◆ Task to carry out ◆
Your job is to set down the stretch of entries that opens with the line containing "rewrite exp_Ropp, exp_ln, Hinv by lra." and closes with the line containing "destruct Hdec as (Hy1 & Hy2". Keep both end lines, copy each exactly, and add nothing.

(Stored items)
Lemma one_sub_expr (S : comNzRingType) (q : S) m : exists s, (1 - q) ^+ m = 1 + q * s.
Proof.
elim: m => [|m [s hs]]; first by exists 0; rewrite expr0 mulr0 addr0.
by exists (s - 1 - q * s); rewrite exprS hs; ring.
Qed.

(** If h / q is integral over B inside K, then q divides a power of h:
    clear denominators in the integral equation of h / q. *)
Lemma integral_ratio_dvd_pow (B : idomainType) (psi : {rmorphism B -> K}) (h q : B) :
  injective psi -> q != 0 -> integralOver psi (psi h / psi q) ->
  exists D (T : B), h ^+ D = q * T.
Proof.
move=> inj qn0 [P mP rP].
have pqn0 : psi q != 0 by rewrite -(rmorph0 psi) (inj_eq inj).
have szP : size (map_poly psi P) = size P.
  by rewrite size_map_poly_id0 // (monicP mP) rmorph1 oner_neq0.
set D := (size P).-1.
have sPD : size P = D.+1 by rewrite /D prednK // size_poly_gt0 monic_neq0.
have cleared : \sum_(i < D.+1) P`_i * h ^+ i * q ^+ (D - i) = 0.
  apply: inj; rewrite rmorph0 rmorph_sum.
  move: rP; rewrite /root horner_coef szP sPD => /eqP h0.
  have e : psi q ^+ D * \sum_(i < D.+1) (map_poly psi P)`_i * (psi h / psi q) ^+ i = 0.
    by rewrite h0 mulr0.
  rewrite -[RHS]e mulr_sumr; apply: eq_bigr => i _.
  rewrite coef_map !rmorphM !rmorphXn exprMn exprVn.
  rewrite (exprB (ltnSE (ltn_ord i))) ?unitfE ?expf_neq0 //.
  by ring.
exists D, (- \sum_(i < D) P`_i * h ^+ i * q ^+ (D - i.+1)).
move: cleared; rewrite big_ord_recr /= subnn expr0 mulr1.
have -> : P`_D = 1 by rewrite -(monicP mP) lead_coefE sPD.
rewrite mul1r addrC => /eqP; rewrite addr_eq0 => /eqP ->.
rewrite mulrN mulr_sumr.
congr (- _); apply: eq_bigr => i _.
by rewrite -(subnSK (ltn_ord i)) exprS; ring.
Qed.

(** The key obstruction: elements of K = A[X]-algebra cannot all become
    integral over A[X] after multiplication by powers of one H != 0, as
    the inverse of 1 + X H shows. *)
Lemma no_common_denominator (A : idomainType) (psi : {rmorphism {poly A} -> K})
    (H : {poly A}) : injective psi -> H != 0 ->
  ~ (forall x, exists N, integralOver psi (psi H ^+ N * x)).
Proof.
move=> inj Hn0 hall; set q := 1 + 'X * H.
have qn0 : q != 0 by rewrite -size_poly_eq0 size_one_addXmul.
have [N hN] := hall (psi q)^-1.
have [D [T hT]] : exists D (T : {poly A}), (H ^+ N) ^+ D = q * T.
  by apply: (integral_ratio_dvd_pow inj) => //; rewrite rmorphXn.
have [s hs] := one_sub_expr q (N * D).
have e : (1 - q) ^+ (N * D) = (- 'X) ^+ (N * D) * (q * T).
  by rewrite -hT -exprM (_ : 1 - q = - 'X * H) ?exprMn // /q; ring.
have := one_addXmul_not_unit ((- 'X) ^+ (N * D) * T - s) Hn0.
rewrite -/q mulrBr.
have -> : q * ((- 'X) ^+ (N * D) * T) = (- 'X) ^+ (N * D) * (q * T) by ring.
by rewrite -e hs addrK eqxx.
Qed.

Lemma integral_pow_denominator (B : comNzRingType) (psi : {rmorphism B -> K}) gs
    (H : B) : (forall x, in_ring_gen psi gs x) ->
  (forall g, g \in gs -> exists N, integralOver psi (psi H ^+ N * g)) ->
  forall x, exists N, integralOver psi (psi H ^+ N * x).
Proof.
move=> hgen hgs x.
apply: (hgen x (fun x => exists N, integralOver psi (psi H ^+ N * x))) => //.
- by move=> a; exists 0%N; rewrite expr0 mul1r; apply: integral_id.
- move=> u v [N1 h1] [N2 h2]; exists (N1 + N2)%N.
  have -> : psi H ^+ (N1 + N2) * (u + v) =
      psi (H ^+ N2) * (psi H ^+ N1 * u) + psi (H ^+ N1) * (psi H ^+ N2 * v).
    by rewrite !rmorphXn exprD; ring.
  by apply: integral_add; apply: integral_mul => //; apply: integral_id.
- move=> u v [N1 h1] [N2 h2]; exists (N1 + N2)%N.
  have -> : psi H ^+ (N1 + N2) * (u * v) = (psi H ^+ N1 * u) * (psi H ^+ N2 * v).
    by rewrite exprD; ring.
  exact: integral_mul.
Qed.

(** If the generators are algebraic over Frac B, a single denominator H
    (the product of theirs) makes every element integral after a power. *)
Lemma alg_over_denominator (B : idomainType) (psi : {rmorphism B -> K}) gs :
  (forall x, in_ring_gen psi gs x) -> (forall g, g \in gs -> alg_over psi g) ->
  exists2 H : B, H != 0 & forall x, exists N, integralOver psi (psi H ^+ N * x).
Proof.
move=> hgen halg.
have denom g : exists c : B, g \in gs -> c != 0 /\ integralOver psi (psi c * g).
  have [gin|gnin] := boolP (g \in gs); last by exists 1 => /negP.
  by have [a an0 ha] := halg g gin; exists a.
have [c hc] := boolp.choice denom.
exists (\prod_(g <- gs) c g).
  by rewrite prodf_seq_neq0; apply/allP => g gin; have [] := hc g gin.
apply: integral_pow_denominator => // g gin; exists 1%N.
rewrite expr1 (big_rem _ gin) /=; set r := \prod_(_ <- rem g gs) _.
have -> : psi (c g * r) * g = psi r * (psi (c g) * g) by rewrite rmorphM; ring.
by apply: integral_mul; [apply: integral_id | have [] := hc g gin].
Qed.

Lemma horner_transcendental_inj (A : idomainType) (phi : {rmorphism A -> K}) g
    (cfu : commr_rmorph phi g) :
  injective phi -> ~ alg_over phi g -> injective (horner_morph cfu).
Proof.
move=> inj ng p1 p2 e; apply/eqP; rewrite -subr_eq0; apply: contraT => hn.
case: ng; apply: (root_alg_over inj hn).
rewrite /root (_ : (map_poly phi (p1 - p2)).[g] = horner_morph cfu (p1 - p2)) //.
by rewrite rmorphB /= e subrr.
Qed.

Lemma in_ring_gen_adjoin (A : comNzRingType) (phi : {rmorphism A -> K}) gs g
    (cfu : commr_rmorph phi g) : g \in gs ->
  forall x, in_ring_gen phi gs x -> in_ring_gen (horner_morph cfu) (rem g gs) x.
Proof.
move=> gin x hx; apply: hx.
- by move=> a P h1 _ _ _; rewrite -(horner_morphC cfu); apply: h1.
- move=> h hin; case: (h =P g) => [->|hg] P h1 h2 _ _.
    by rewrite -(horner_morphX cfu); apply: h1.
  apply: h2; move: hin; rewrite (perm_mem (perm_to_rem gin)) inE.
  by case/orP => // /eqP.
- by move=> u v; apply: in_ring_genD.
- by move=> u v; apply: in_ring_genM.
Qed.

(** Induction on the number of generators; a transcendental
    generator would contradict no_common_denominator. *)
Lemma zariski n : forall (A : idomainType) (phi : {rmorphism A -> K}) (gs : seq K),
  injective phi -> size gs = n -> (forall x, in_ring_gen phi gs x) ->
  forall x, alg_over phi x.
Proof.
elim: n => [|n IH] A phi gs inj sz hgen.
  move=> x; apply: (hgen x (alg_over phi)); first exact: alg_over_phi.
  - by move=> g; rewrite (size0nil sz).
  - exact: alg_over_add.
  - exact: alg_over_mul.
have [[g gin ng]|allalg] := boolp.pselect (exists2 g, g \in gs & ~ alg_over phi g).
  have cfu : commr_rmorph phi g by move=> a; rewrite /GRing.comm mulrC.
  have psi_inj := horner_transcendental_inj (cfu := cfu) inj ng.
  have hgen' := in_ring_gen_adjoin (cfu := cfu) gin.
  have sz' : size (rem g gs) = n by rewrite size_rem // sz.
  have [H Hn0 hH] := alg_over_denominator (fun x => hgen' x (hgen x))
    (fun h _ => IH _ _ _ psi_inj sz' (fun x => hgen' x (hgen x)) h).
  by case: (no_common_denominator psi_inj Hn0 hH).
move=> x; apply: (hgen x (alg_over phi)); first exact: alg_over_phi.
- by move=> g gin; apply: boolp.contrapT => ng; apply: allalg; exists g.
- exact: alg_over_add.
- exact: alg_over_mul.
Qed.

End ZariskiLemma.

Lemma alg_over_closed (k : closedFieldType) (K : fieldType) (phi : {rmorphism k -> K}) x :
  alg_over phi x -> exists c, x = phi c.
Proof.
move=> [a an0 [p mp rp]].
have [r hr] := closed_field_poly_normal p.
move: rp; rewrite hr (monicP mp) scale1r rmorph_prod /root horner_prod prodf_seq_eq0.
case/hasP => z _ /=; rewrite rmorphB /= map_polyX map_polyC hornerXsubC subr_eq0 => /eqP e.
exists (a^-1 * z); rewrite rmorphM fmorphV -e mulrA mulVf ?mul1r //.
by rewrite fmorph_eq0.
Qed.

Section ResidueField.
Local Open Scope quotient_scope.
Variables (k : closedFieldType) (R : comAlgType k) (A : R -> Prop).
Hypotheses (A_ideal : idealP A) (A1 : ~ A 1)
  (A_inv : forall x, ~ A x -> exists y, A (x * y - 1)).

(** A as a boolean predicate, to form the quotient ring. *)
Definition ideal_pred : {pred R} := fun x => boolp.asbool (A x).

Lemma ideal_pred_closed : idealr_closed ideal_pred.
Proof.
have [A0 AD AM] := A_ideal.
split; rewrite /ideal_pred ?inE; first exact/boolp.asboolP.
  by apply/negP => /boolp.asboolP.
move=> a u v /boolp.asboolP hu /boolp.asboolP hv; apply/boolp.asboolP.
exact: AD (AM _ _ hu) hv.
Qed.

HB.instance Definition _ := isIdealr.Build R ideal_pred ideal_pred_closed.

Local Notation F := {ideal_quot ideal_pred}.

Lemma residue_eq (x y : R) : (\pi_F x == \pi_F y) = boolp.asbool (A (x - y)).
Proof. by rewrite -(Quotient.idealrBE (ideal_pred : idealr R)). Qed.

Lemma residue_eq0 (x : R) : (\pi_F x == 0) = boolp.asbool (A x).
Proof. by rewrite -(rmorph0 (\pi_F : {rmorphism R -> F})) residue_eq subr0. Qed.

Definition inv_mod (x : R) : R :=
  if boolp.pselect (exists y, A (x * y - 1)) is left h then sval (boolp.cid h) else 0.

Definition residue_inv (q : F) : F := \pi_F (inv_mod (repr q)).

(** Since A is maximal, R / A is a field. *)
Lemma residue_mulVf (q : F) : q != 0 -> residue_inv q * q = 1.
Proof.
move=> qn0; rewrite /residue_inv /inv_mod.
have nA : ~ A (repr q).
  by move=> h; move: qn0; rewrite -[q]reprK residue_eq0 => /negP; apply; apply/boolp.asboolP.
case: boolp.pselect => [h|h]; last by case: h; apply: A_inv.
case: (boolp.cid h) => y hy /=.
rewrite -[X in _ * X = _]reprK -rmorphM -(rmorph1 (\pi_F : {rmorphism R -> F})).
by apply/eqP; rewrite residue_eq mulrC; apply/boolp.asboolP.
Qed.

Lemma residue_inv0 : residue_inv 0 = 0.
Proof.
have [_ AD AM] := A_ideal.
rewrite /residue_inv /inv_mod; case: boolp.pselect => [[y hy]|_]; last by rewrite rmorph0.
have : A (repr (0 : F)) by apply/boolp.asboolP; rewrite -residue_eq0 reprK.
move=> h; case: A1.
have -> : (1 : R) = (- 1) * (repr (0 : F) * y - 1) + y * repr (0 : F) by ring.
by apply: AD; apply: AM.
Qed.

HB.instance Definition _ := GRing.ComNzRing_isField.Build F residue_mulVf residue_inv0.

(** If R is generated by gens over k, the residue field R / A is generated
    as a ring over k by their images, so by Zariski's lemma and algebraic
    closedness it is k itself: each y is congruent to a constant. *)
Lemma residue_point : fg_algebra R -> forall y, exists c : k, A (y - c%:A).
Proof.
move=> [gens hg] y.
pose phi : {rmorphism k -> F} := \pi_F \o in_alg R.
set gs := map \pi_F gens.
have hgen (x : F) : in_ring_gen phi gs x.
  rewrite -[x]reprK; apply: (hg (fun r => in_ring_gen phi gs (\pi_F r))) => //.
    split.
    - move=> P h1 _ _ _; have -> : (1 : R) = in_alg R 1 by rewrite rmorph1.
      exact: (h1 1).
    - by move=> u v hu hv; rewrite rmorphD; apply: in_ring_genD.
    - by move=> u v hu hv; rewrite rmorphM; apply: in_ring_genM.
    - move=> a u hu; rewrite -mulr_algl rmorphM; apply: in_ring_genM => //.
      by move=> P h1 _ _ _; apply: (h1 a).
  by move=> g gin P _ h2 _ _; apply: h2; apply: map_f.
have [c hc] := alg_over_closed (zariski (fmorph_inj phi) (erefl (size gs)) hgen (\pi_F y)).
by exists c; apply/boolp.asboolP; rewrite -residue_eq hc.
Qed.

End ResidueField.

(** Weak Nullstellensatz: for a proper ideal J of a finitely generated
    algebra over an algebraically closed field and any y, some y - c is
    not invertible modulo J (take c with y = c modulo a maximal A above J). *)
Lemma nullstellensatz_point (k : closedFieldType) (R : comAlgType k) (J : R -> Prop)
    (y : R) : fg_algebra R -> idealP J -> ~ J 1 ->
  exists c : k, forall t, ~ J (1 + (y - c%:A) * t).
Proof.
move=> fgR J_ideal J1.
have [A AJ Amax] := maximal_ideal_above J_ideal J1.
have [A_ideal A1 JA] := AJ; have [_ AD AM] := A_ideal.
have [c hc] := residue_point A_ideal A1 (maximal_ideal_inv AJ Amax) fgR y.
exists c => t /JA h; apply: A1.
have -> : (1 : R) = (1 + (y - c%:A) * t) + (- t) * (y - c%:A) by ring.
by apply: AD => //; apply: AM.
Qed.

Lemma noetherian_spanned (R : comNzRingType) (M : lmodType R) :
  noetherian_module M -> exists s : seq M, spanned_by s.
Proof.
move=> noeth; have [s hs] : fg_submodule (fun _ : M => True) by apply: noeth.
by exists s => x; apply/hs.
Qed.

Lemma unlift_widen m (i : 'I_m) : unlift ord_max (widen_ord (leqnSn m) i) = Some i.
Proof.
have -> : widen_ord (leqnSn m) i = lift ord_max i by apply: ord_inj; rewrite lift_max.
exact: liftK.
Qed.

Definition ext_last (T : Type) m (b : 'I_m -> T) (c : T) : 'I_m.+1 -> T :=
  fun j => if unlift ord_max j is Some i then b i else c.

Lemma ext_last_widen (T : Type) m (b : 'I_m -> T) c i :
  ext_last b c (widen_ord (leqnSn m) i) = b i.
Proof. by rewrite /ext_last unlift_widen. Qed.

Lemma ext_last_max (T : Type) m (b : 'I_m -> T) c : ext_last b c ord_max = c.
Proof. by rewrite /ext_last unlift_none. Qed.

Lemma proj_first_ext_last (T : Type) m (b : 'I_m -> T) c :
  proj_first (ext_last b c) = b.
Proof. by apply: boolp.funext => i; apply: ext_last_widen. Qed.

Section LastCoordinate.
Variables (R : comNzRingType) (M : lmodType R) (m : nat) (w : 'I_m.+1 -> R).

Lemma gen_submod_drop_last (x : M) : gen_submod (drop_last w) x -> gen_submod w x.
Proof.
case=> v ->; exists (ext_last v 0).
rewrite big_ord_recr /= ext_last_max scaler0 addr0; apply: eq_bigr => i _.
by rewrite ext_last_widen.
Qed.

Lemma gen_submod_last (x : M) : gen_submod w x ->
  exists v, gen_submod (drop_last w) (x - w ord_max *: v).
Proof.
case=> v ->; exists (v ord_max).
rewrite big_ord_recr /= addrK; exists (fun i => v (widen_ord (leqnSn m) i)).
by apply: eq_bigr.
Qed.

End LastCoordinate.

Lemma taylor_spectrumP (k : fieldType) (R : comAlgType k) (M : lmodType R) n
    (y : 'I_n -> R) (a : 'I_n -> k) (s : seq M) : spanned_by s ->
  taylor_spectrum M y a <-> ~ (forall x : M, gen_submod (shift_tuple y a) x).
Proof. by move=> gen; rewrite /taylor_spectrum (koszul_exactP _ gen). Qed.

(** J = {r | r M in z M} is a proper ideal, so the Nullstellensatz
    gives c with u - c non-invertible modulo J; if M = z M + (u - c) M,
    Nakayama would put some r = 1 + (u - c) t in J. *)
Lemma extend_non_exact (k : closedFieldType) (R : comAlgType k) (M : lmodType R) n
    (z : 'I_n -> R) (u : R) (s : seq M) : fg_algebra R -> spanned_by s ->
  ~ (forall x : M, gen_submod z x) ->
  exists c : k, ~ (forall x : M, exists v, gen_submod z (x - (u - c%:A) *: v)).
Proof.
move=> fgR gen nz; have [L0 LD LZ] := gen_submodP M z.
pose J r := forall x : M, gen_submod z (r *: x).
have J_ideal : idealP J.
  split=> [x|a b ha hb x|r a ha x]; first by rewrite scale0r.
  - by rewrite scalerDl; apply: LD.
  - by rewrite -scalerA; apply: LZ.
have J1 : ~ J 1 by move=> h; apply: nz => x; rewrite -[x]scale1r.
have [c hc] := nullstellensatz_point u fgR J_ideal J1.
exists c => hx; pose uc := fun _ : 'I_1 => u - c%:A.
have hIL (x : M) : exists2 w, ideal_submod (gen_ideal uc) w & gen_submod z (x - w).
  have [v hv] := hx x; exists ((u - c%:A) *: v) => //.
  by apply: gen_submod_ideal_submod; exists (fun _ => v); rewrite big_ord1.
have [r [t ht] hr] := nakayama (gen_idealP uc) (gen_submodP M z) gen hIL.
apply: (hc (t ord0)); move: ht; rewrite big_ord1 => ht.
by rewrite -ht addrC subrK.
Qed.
--
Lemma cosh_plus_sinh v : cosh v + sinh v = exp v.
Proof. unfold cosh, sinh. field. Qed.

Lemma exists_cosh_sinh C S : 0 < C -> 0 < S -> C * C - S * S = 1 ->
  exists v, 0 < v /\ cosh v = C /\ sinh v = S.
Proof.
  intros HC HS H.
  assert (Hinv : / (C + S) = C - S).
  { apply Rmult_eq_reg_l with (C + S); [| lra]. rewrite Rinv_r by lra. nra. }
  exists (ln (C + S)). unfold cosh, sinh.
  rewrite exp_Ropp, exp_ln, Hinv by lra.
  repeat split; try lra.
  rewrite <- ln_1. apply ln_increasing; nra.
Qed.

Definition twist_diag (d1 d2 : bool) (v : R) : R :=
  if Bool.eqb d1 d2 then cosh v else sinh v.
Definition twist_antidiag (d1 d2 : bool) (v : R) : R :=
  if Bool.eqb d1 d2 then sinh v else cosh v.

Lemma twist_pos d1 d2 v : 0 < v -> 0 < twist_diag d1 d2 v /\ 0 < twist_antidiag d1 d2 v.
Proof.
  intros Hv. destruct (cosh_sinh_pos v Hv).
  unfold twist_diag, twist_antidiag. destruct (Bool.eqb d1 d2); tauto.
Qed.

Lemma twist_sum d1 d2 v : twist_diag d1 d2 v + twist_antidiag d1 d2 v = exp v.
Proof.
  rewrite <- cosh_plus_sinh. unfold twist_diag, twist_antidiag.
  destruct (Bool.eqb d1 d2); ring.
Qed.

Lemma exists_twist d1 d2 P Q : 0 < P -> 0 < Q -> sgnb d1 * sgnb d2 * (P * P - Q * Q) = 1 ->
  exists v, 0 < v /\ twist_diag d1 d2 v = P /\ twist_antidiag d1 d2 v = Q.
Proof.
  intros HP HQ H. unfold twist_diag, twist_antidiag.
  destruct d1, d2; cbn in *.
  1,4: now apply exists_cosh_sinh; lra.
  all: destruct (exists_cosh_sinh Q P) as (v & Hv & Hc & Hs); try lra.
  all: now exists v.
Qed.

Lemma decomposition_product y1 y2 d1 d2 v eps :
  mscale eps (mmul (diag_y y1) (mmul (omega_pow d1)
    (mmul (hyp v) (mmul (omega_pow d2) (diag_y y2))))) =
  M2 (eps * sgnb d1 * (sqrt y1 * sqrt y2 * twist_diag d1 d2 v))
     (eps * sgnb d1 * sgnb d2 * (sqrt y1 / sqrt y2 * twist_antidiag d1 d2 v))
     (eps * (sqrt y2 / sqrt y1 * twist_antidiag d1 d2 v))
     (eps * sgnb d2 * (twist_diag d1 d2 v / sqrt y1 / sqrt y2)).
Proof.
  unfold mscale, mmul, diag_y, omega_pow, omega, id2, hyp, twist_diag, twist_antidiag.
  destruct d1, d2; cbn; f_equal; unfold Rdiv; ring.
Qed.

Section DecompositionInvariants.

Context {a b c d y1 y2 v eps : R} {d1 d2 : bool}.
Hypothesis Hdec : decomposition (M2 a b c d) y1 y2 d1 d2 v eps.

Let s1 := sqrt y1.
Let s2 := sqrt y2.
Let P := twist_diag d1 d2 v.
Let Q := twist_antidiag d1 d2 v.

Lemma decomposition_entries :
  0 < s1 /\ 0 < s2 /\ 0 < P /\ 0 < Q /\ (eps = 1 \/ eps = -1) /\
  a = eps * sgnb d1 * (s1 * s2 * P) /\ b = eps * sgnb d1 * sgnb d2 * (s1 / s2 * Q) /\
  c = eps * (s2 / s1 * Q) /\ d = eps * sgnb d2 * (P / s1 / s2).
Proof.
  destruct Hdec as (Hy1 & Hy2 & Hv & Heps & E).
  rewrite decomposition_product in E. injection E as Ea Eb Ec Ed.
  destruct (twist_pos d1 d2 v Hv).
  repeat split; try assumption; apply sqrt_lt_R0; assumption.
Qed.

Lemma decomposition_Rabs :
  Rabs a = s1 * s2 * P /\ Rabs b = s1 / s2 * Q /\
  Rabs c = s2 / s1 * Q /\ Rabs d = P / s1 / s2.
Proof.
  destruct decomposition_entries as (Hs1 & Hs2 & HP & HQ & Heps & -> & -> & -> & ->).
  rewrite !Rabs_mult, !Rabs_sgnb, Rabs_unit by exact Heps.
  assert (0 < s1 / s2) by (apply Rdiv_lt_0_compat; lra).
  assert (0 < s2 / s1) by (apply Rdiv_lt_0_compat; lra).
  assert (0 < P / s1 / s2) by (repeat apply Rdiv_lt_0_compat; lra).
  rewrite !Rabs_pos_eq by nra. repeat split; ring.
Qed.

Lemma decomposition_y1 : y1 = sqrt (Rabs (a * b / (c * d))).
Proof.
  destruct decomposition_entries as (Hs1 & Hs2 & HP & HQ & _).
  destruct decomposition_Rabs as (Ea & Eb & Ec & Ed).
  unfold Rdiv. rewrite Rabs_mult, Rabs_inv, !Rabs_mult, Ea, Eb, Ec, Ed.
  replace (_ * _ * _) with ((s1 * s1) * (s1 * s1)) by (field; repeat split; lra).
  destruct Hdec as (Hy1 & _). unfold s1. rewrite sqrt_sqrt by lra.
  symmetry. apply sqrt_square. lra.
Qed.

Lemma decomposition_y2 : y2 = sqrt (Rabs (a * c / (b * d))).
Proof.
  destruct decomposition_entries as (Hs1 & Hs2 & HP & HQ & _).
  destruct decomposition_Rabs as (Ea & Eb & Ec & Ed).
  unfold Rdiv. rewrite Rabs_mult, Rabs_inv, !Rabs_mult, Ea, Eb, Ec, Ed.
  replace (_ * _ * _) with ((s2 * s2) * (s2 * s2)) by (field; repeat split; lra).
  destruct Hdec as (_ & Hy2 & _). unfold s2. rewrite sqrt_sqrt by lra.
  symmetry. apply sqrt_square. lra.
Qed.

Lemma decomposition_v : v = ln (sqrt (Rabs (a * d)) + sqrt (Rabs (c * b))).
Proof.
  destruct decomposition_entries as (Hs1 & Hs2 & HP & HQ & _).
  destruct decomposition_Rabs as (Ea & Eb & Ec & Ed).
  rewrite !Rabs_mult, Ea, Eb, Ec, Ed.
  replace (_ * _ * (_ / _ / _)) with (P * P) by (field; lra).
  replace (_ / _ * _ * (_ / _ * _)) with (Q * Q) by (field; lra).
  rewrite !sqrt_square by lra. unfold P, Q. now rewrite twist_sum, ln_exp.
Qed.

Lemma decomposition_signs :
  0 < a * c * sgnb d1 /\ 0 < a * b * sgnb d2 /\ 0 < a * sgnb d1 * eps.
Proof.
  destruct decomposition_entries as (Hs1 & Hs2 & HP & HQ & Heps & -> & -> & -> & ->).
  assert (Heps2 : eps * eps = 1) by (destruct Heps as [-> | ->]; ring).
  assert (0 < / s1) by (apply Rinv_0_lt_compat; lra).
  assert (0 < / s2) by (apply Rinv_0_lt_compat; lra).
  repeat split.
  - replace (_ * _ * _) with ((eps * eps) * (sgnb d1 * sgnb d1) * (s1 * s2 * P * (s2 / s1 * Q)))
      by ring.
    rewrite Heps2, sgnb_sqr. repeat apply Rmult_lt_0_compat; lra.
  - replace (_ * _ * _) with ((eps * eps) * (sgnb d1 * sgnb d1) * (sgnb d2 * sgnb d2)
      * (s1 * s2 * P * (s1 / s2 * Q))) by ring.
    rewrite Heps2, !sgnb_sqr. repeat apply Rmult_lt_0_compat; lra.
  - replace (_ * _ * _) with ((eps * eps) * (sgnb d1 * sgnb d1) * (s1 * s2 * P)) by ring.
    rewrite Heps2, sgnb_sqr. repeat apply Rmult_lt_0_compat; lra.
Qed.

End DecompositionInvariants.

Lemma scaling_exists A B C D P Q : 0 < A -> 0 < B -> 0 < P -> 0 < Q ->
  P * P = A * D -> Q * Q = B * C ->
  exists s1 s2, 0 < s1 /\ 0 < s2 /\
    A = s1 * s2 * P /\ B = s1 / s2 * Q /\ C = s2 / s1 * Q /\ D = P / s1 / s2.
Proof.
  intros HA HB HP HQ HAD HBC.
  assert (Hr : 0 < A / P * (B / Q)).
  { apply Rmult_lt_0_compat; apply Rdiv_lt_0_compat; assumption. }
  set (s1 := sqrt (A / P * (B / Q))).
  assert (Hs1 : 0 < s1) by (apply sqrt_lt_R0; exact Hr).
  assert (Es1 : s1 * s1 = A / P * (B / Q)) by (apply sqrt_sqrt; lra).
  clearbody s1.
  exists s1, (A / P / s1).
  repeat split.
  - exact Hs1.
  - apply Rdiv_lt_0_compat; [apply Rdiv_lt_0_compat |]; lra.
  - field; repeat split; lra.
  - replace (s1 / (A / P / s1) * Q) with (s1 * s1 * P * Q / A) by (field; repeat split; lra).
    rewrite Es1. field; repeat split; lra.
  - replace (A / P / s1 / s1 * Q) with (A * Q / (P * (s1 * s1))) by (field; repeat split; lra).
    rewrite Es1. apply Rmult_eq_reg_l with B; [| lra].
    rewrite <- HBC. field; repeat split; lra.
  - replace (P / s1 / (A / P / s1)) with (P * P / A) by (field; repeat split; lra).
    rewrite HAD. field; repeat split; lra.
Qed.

◆ Solution to the exercise ◆
  rewrite exp_Ropp, exp_ln, Hinv by lra.
  repeat split; try lra.
  rewrite <- ln_1. apply ln_increasing; nra.
Qed.

Definition twist_diag (d1 d2 : bool) (v : R) : R :=
  if Bool.eqb d1 d2 then cosh v else sinh v.
Definition twist_antidiag (d1 d2 : bool) (v : R) : R :=
  if Bool.eqb d1 d2 then sinh v else cosh v.

Lemma twist_pos d1 d2 v : 0 < v -> 0 < twist_diag d1 d2 v /\ 0 < twist_antidiag d1 d2 v.
Proof.
  intros Hv. destruct (cosh_sinh_pos v Hv).
  unfold twist_diag, twist_antidiag. destruct (Bool.eqb d1 d2); tauto.
Qed.

Lemma twist_sum d1 d2 v : twist_diag d1 d2 v + twist_antidiag d1 d2 v = exp v.
Proof.
  rewrite <- cosh_plus_sinh. unfold twist_diag, twist_antidiag.
  destruct (Bool.eqb d1 d2); ring.
Qed.

Lemma exists_twist d1 d2 P Q : 0 < P -> 0 < Q -> sgnb d1 * sgnb d2 * (P * P - Q * Q) = 1 ->
  exists v, 0 < v /\ twist_diag d1 d2 v = P /\ twist_antidiag d1 d2 v = Q.
Proof.
  intros HP HQ H. unfold twist_diag, twist_antidiag.
  destruct d1, d2; cbn in *.
  1,4: now apply exists_cosh_sinh; lra.
  all: destruct (exists_cosh_sinh Q P) as (v & Hv & Hc & Hs); try lra.
  all: now exists v.
Qed.

Lemma decomposition_product y1 y2 d1 d2 v eps :
  mscale eps (mmul (diag_y y1) (mmul (omega_pow d1)
    (mmul (hyp v) (mmul (omega_pow d2) (diag_y y2))))) =
  M2 (eps * sgnb d1 * (sqrt y1 * sqrt y2 * twist_diag d1 d2 v))
     (eps * sgnb d1 * sgnb d2 * (sqrt y1 / sqrt y2 * twist_antidiag d1 d2 v))
     (eps * (sqrt y2 / sqrt y1 * twist_antidiag d1 d2 v))
     (eps * sgnb d2 * (twist_diag d1 d2 v / sqrt y1 / sqrt y2)).
Proof.
  unfold mscale, mmul, diag_y, omega_pow, omega, id2, hyp, twist_diag, twist_antidiag.
  destruct d1, d2; cbn; f_equal; unfold Rdiv; ring.
Qed.

Section DecompositionInvariants.

Context {a b c d y1 y2 v eps : R} {d1 d2 : bool}.
Hypothesis Hdec : decomposition (M2 a b c d) y1 y2 d1 d2 v eps.

Let s1 := sqrt y1.
Let s2 := sqrt y2.
Let P := twist_diag d1 d2 v.
Let Q := twist_antidiag d1 d2 v.

Lemma decomposition_entries :
  0 < s1 /\ 0 < s2 /\ 0 < P /\ 0 < Q /\ (eps = 1 \/ eps = -1) /\
  a = eps * sgnb d1 * (s1 * s2 * P) /\ b = eps * sgnb d1 * sgnb d2 * (s1 / s2 * Q) /\
  c = eps * (s2 / s1 * Q) /\ d = eps * sgnb d2 * (P / s1 / s2).
Proof.
  destruct Hdec as (Hy1 & Hy2 & Hv & Heps & E).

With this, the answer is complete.